Landscape Paintings
Yang Yan-wen (1939-)
Goddess Unharmed
Hanging Scroll, Ink and Color on Rice Paper, 22 x 19 in., (56 x 48 cm.)
In 1952 , Yang left his village in Hopei to attend a high school in Beijing. During holidays and weekends, he used to go to the suburbs to sketch. After high school, he was enrolled at Beijing Art Institute where he studied oil painting with Wu Kaun-chung, a well-known modern impressionist landscape artist in China. Somehow Mr. Yang felt that oil painting restricted him culturally. He decided then to switch back to Chinese brush work. Looking around he found some living masters who are trained in the West (most in Paris) and they too eventually blended Eastern and Western techniques.
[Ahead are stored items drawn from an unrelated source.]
(* Let $\Gamma$ be any cocompact lattice in the Lie group $\mathrm{Sol}^3$. Then $\Gamma$ is not presentable by a product.
   Context: $\mathrm{Sol}^3$ denotes the solvable Lie group $\mathbb{R}^2\rtimes\mathbb{R}$, where $t\in\mathbb{R}$ acts on $\mathbb{R}^2$ by the matrix $\mathrm{diag}(e^t,e^{-t})$ (the Thurston geometry $\mathrm{Sol}^3$). An infinite group $\Gamma$ is not presentable by a product if for every homomorphism $\varphi\colon \Gamma_1\times\Gamma_2\to\Gamma$ whose image has finite index in $\Gamma$, at least one of $\varphi(\Gamma_1)$, $\varphi(\Gamma_2)$ is finite. *)

From Stdlib Require Import Reals List.
Open Scope R_scope.

(** The Lie group Sol^3 = R^2 ⋊ R, t acting by diag(e^t, e^-t).
    An element (x, y, t) represents ((x,y), t). *)
Definition Sol : Type := (R * R * R)%type.

Definition sol_mul (g h : Sol) : Sol :=
  let '(x, y, t) := g in
  let '(x', y', s) := h in
  (x + exp t * x', y + exp (- t) * y', t + s).

Definition sol_one : Sol := (0, 0, 0).

Definition sol_inv (g : Sol) : Sol :=
  let '(x, y, t) := g in (- (exp (- t) * x), - (exp t * y), - t).

(** Sup-norm distance on the underlying manifold R^3 (standard topology). *)
Definition sol_dist (g h : Sol) : R :=
  let '(x, y, t) := g in
  let '(x', y', s) := h in
  Rmax (Rabs (x - x')) (Rmax (Rabs (y - y')) (Rabs (t - s))).

Definition is_subgroup (G : Sol -> Prop) : Prop :=
  G sol_one /\
  (forall g h, G g -> G h -> G (sol_mul g h)) /\
  (forall g, G g -> G (sol_inv g)).

Definition is_discrete (G : Sol -> Prop) : Prop :=
  forall g, G g -> exists eps, 0 < eps /\
    forall h, G h -> sol_dist g h < eps -> h = g.

(** Compact subset of Sol (≅ R^3): closed and bounded (Heine–Borel). *)
Definition sol_closed (K : Sol -> Prop) : Prop :=
  forall g, (forall eps, 0 < eps -> exists k, K k /\ sol_dist g k < eps) -> K g.
Definition sol_bounded (K : Sol -> Prop) : Prop :=
  exists M, forall k, K k -> sol_dist sol_one k <= M.
Definition sol_compact (K : Sol -> Prop) : Prop := sol_closed K /\ sol_bounded K.

(** Cocompact: Sol / G is compact, i.e. Sol = K·G for some compact K. *)
Definition is_cocompact (G : Sol -> Prop) : Prop :=
  exists K, sol_compact K /\ forall g, exists k gam, K k /\ G gam /\ g = sol_mul k gam.

Definition cocompact_lattice (G : Sol -> Prop) : Prop :=
  is_subgroup G /\ is_discrete G /\ is_cocompact G.

Record Group : Type := {
  gcar :> Type;
  gmul : gcar -> gcar -> gcar;
  gone : gcar;
  ginv : gcar -> gcar;
  gassoc : forall a b c, gmul a (gmul b c) = gmul (gmul a b) c;
  gone_l : forall a, gmul gone a = a;
  ginv_l : forall a, gmul (ginv a) a = gone
}.

Definition sol_finite (A : Sol -> Prop) : Prop :=
  exists l : list Sol, forall g, A g -> In g l.

Definition prod_hom (G1 G2 : Group) (Gam : Sol -> Prop) (phi : G1 * G2 -> Sol) : Prop :=
  (forall p, Gam (phi p)) /\
  forall a b a' b',
    phi (gmul G1 a a', gmul G2 b b') = sol_mul (phi (a, b)) (phi (a', b')).

(** The image of phi has finite index in Gamma: finitely many left cosets cover Gamma. *)
Definition image_finite_index (G1 G2 : Group) (Gam : Sol -> Prop) (phi : G1 * G2 -> Sol) : Prop :=
  exists reps : list Sol, (forall r, In r reps -> Gam r) /\
    forall gam, Gam gam -> exists r p, In r reps /\ gam = sol_mul r (phi p).

Definition not_presentable_by_product (Gam : Sol -> Prop) : Prop :=
  ~ sol_finite Gam /\
  forall (G1 G2 : Group) (phi : G1 * G2 -> Sol),
    prod_hom G1 G2 Gam phi ->
    image_finite_index G1 G2 Gam phi ->
    sol_finite (fun g => exists a : G1, g = phi (a, gone G2)) \/
    sol_finite (fun g => exists b : G2, g = phi (gone G1, b)).

(** The first coordinate of Sol^3 is acted on affinely: [g] sends [u] to
    [x g + e^(t g) u].  If [Γ] is covered by finitely many translates
    [r · φ(G1) φ(G2)], the two images commute elementwise.  An element with
    [t ≠ 0] acts as a homothety with a unique fixed point, and everything
    commuting with it fixes that point (or is trivial, if its own [t] vanishes).
    So if both images were nontrivial, all of [φ(G1) φ(G2)] would either fix a
    common point or lie in [{t = 0}]; in both cases a real-valued function
    ([g ↦ g·u], resp. [t]) would be right-invariant under the cover, hence
    bounded on [Γ] by its finitely many values on the representatives.  But
    cocompactness makes both functions unbounded on [Γ]. *)

From Stdlib Require Import Reals List Lra Classical.
Open Scope R_scope.

Lemma Rabs_le_between (x a : R) : Rabs x <= a -> - a <= x <= a.
Proof. unfold Rabs; destruct (Rcase_abs x); lra. Qed.

Lemma exp_le_compat (a b : R) : a <= b -> exp a <= exp b.
Proof. intros [Hlt | ->]; [apply Rlt_le, exp_increasing, Hlt | apply Rle_refl]. Qed.

Lemma one_minus_exp_neq0 (t : R) : t <> 0 -> 1 - exp t <> 0.
Proof. intros Ht E; apply Ht, exp_inv; rewrite exp_0; lra. Qed.

Lemma list_Rabs_bounded {A : Type} (f : A -> R) (l : list A) :
  exists S, forall r, In r l -> Rabs (f r) <= S.
Proof.
  induction l as [|a l [S HS]].
  - exists 0; intros r [].
  - exists (Rmax (Rabs (f a)) S); intros r [<- | Hr].
    + apply Rmax_l.
    + eapply Rle_trans; [apply HS, Hr | apply Rmax_r].
Qed.

Lemma gmul_one_r (G : Group) (a : G) : gmul G a (gone G) = a.
Proof.
  assert (Hr : gmul G a (ginv G a) = gone G).
  { set (b := ginv G a).
    rewrite <- (gone_l G (gmul G a b)), <- (ginv_l G b) at 1.
    rewrite <- gassoc, (gassoc G b a b); unfold b at 2.
    rewrite ginv_l, gone_l; apply ginv_l. }
  rewrite <- (ginv_l G a), gassoc, Hr; apply gone_l.
Qed.

Definition sol_x (g : Sol) : R := fst (fst g).
Definition sol_t (g : Sol) : R := snd g.

Definition sol_xact (g : Sol) (u : R) : R := sol_x g + exp (sol_t g) * u.

Definition sol_xfix (g : Sol) : R := sol_x g / (1 - exp (sol_t g)).

Lemma sol_mul_one (g : Sol) : sol_mul g sol_one = g.
Proof. destruct g as [[x y] t]; unfold sol_mul, sol_one; f_equal; [f_equal|]; ring. Qed.

Lemma sol_t_mul (g h : Sol) : sol_t (sol_mul g h) = sol_t g + sol_t h.
Proof. destruct g as [[? ?] ?], h as [[? ?] ?]; reflexivity. Qed.

Lemma sol_xact_mul (g h : Sol) (u : R) :
  sol_xact (sol_mul g h) u = sol_xact g (sol_xact h u).
Proof.
  destruct g as [[x y] t], h as [[x' y'] s]; unfold sol_xact, sol_x, sol_t; simpl.
  rewrite exp_plus; ring.
Qed.

Lemma sol_xact_xfix (g : Sol) : sol_t g <> 0 -> sol_xact g (sol_xfix g) = sol_xfix g.
Proof.
  intros Ht; pose proof (one_minus_exp_neq0 _ Ht).
  unfold sol_xact, sol_xfix; field; assumption.
Qed.

Lemma sol_xfix_unique (g : Sol) (u : R) :
  sol_t g <> 0 -> sol_xact g u = u -> u = sol_xfix g.
Proof.
  unfold sol_xact, sol_xfix; intros Ht Hu; pose proof (one_minus_exp_neq0 _ Ht).
  field_simplify_eq; [lra | assumption].
Qed.

Lemma commute_fixes_xfix (a l : Sol) :
  sol_mul a l = sol_mul l a -> sol_t a <> 0 -> sol_xact l (sol_xfix a) = sol_xfix a.
Proof.
  intros E Ha; apply sol_xfix_unique; [exact Ha|].
  rewrite <- sol_xact_mul, E, sol_xact_mul, sol_xact_xfix by exact Ha; reflexivity.
Qed.

Lemma commute_sol_t0_trivial (a l : Sol) :
  sol_mul a l = sol_mul l a -> sol_t a <> 0 -> sol_t l = 0 -> l = sol_one.
Proof.
  destruct a as [[xa ya] ta], l as [[x y] t]; unfold sol_t; simpl; intros E Ha ->.
  injection E; intros _ Ey Ex; rewrite exp_0 in Ex; rewrite Ropp_0, exp_0 in Ey.
  pose proof (one_minus_exp_neq0 ta Ha).
  pose proof (one_minus_exp_neq0 (- ta) ltac:(lra)).
  assert (x = 0) by (apply (Rmult_eq_reg_l (1 - exp ta)); [nra | assumption]).
  assert (y = 0) by (apply (Rmult_eq_reg_l (1 - exp (- ta))); [nra | assumption]).
  subst; reflexivity.
Qed.

Lemma sol_dist_one_bounds (k : Sol) (M : R) :
  sol_dist sol_one k <= M -> Rabs (sol_x k) <= M /\ Rabs (sol_t k) <= M.
Proof.
  destruct k as [[x y] t]; unfold sol_dist, sol_one, sol_x, sol_t; simpl; intros HM.
  rewrite <- (Rabs_Ropp x), <- (Rabs_Ropp t).
  replace (- x) with (0 - x) by ring; replace (- t) with (0 - t) by ring.
  split; eapply Rle_trans; try exact HM; [apply Rmax_l|].
  eapply Rle_trans; [|apply Rmax_r]; apply Rmax_r.
Qed.

Lemma cocompact_sol_t_unbounded (Gam : Sol -> Prop) :
  is_cocompact Gam -> forall T, exists gam, Gam gam /\ T < Rabs (sol_t gam).
Proof.
  intros (K & (_ & M & HM) & Hcov) T.
  destruct (Hcov (0, 0, T + M + 1)) as (k & gam & Hk & Hgam & E).
  exists gam; split; [exact Hgam|].
  apply (f_equal sol_t) in E; rewrite sol_t_mul in E; unfold sol_t at 1 in E; simpl in E.
  destruct (sol_dist_one_bounds k M (HM k Hk)) as [_ Ht%Rabs_le_between].
  pose proof (Rle_abs (sol_t gam)); lra.
Qed.

Lemma cocompact_orbit_unbounded (Gam : Sol -> Prop) (u : R) :
  is_cocompact Gam -> forall T, exists gam, Gam gam /\ T < Rabs (sol_xact gam u).
Proof.
  intros (K & (_ & M & HM) & Hcov) T.
  set (X := M + exp M * Rabs T + Rabs u + 1).
  destruct (Hcov (X, 0, 0)) as (k & gam & Hk & Hgam & E).
  exists gam; split; [exact Hgam|].
  apply (f_equal (fun g => sol_xact g u)) in E; rewrite sol_xact_mul in E.
  unfold sol_xact at 1 in E; unfold sol_x, sol_t in E; simpl in E; rewrite exp_0 in E.
  set (v := sol_xact gam u) in *.
  destruct (sol_dist_one_bounds k M (HM k Hk)) as [Hx%Rabs_le_between Ht%Rabs_le_between].
  destruct (Rlt_le_dec T (Rabs v)) as [Hlt | Hle]; [exact Hlt | exfalso].
  assert (Hkv : Rabs (exp (sol_t k) * v) <= exp M * Rabs T).
  { rewrite Rabs_mult, Rabs_pos_eq by (left; apply exp_pos).
    apply Rmult_le_compat; [left; apply exp_pos | apply Rabs_pos | |].
    - apply exp_le_compat; lra.
    - eapply Rle_trans; [exact Hle | apply Rle_abs]. }
  unfold sol_xact in E; apply Rabs_le_between in Hkv.
  pose proof (Rle_abs (- u)); rewrite Rabs_Ropp in *; unfold X in E; lra.
Qed.

Definition covered_by (Gam L : Sol -> Prop) (reps : list Sol) : Prop :=
  forall gam, Gam gam -> exists r l, In r reps /\ L l /\ gam = sol_mul r l.

Lemma covered_by_sub (Gam L L' : Sol -> Prop) (reps : list Sol) :
  (forall l, L l -> L' l) -> covered_by Gam L reps -> covered_by Gam L' reps.
Proof.
  intros HLL' Hcov gam Hgam.
  destruct (Hcov gam Hgam) as (r & l & Hr & Hl & E).
  exists r, l; auto.
Qed.

Lemma unbounded_not_covered (Gam L : Sol -> Prop) (f : Sol -> R) (reps : list Sol) :
  (forall T, exists gam, Gam gam /\ T < Rabs (f gam)) ->
  (forall r l, L l -> f (sol_mul r l) = f r) ->
  ~ covered_by Gam L reps.
Proof.
  intros Hunb Hinv Hcov.
  destruct (list_Rabs_bounded f reps) as [S HS].
  destruct (Hunb S) as (gam & Hgam & HSlt).
  destruct (Hcov gam Hgam) as (r & l & Hr & Hl & ->).
  rewrite Hinv in HSlt by exact Hl; specialize (HS r Hr); lra.
Qed.

Lemma cocompact_not_covered_sol_t0 (Gam : Sol -> Prop) (reps : list Sol) :
  is_cocompact Gam -> ~ covered_by Gam (fun l => sol_t l = 0) reps.
Proof.
  intros Hcc; apply unbounded_not_covered with sol_t.
  - exact (cocompact_sol_t_unbounded Gam Hcc).
  - intros r l Hl; rewrite sol_t_mul, Hl; ring.
Qed.

Lemma cocompact_not_covered_stabilizer (Gam : Sol -> Prop) (reps : list Sol) (u : R) :
  is_cocompact Gam -> ~ covered_by Gam (fun l => sol_xact l u = u) reps.
Proof.
  intros Hcc; apply unbounded_not_covered with (fun g => sol_xact g u).
  - exact (cocompact_orbit_unbounded Gam u Hcc).
  - intros r l Hl; rewrite sol_xact_mul, Hl; reflexivity.
Qed.

Definition set_mul (A B : Sol -> Prop) (g : Sol) : Prop :=
  exists a b, A a /\ B b /\ g = sol_mul a b.

Definition commute_sets (A B : Sol -> Prop) : Prop :=
  forall a b, A a -> B b -> sol_mul a b = sol_mul b a.

Lemma set_mul_comm (A B : Sol -> Prop) (g : Sol) :
  commute_sets A B -> set_mul A B g -> set_mul B A g.
Proof. intros Hcomm (a & b & Ha & Hb & ->); exists b, a; auto. Qed.

Section CommutingCover.
Variables (Gam : Sol -> Prop) (reps : list Sol).
Hypothesis Hcc : is_cocompact Gam.

Lemma commuting_cover_factor_trivial (A B : Sol -> Prop) (a0 : Sol) :
  covered_by Gam (set_mul A B) reps -> commute_sets A B ->
  A a0 -> sol_t a0 <> 0 -> forall b, B b -> b = sol_one.
Proof.
  intros Hcov Hcomm Ha0 Hta0 b0 Hb0; apply NNPP; intros Hne.
  assert (Htb0 : sol_t b0 <> 0)
    by (intros Z; apply Hne, (commute_sol_t0_trivial a0); auto).
  set (u := sol_xfix a0).
  assert (HB : forall b, B b -> sol_xact b u = u)
    by (intros b Hb; apply commute_fixes_xfix; auto).
  assert (Hu : u = sol_xfix b0) by (apply sol_xfix_unique; auto).
  assert (HA : forall a, A a -> sol_xact a u = u).
  { intros a Ha; rewrite Hu; apply commute_fixes_xfix; [symmetry; auto | exact Htb0]. }
  apply (cocompact_not_covered_stabilizer Gam reps u Hcc).
  eapply covered_by_sub; [|exact Hcov].
  intros g (a & b & Ha & Hb & ->); rewrite sol_xact_mul, HB, HA; auto.
Qed.

Lemma commuting_cover_one_factor_trivial (A B : Sol -> Prop) :
  covered_by Gam (set_mul A B) reps -> commute_sets A B ->
  (forall a, A a -> a = sol_one) \/ (forall b, B b -> b = sol_one).
Proof.
  intros Hcov Hcomm.
  destruct (classic (exists a0, A a0 /\ sol_t a0 <> 0)) as [(a0 & Ha0 & Ht) | HA].
  { right; exact (commuting_cover_factor_trivial A B a0 Hcov Hcomm Ha0 Ht). }
  destruct (classic (exists b0, B b0 /\ sol_t b0 <> 0)) as [(b0 & Hb0 & Ht) | HB].
  { left; apply (commuting_cover_factor_trivial B A b0); auto.
    - eapply covered_by_sub; [intros g; apply set_mul_comm, Hcomm | exact Hcov].
    - intros b a Hb Ha; symmetry; auto. }
  exfalso; apply (cocompact_not_covered_sol_t0 Gam reps Hcc).
  eapply covered_by_sub; [|exact Hcov].
  intros g (a & b & Ha & Hb & ->); rewrite sol_t_mul.
  assert (sol_t a = 0) by (apply NNPP; intros Hne; apply HA; eauto).
  assert (sol_t b = 0) by (apply NNPP; intros Hne; apply HB; eauto).
  lra.
Qed.

End CommutingCover.

Section ProductHomomorphism.
Variables (G1 G2 : Group) (phi : G1 * G2 -> Sol).
Hypothesis phi_mul : forall a b a' b',
  phi (gmul G1 a a', gmul G2 b b') = sol_mul (phi (a, b)) (phi (a', b')).

Definition left_image (g : Sol) : Prop := exists a : G1, g = phi (a, gone G2).
Definition right_image (g : Sol) : Prop := exists b : G2, g = phi (gone G1, b).

Lemma prod_hom_split (a : G1) (b : G2) :
  phi (a, b) = sol_mul (phi (a, gone G2)) (phi (gone G1, b)).
Proof. rewrite <- phi_mul, gmul_one_r, gone_l; reflexivity. Qed.

Lemma prod_hom_images_commute : commute_sets left_image right_image.
Proof. intros x y [a ->] [b ->]; rewrite <- !phi_mul, !gmul_one_r, !gone_l; reflexivity. Qed.

Lemma prod_hom_cover (Gam : Sol -> Prop) (reps : list Sol) :
  (forall gam, Gam gam -> exists r p, In r reps /\ gam = sol_mul r (phi p)) ->
  covered_by Gam (set_mul left_image right_image) reps.
Proof.
  intros Hfi gam Hgam; destruct (Hfi gam Hgam) as (r & [a b] & Hr & ->).
  exists r, (phi (a, b)); repeat split; [exact Hr|].
  exists (phi (a, gone G2)), (phi (gone G1, b)).
  repeat split; [exists a | exists b | apply prod_hom_split]; reflexivity.
Qed.

End ProductHomomorphism.

Lemma sol_finite_trivial (A : Sol -> Prop) :
  (forall g, A g -> g = sol_one) -> sol_finite A.
Proof. intros HA; exists (sol_one :: nil); intros g Hg; left; symmetry; auto. Qed.

Theorem corollary3p7 (Gam : Sol -> Prop) :
  cocompact_lattice Gam -> not_presentable_by_product Gam.
Proof.
  intros (_ & _ & Hcc); split.
  - intros [l Hl]; apply (cocompact_not_covered_sol_t0 Gam l Hcc).
    intros gam Hgam; exists gam, sol_one.
    split; [exact (Hl gam Hgam) | split; [reflexivity | symmetry; apply sol_mul_one]].
  - intros G1 G2 phi [_ phi_mul] [reps [_ Hfi]].
    destruct (commuting_cover_one_factor_trivial Gam reps Hcc
                (left_image G1 G2 phi) (right_image G1 G2 phi))
      as [Htriv | Htriv].
    + exact (prod_hom_cover G1 G2 phi phi_mul Gam reps Hfi).
    + exact (prod_hom_images_commute G1 G2 phi phi_mul).
    + left; exact (sol_finite_trivial _ Htriv).
    + right; exact (sol_finite_trivial _ Htriv).
Qed.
He was convinced that this was the road he would travel. And he has.
I have seen many of his paintings since the early eighties. Some are album size, others are many feet long. Our small scroll (1984) entitled "Goddess Unharmed", depicted Wuxia, one of the Three Gorges of the Yangtzu River, provides a good example of his painting techniques. It is mostly monochrome. In many ways this painting can still be characterized as traditional. He used the age-old ink splashing method vigorously and spontaneously to provide freshness in movement and feeling. It is safe to say that changes have taken place in Chinese landscape painting, but traditional painting has not been lost. This new era is the New Literati era, and the trend has continued. Mr. Yang stands solid.
This painting was purchased with funds provided by Sharon and Hughes Griffis in 1988.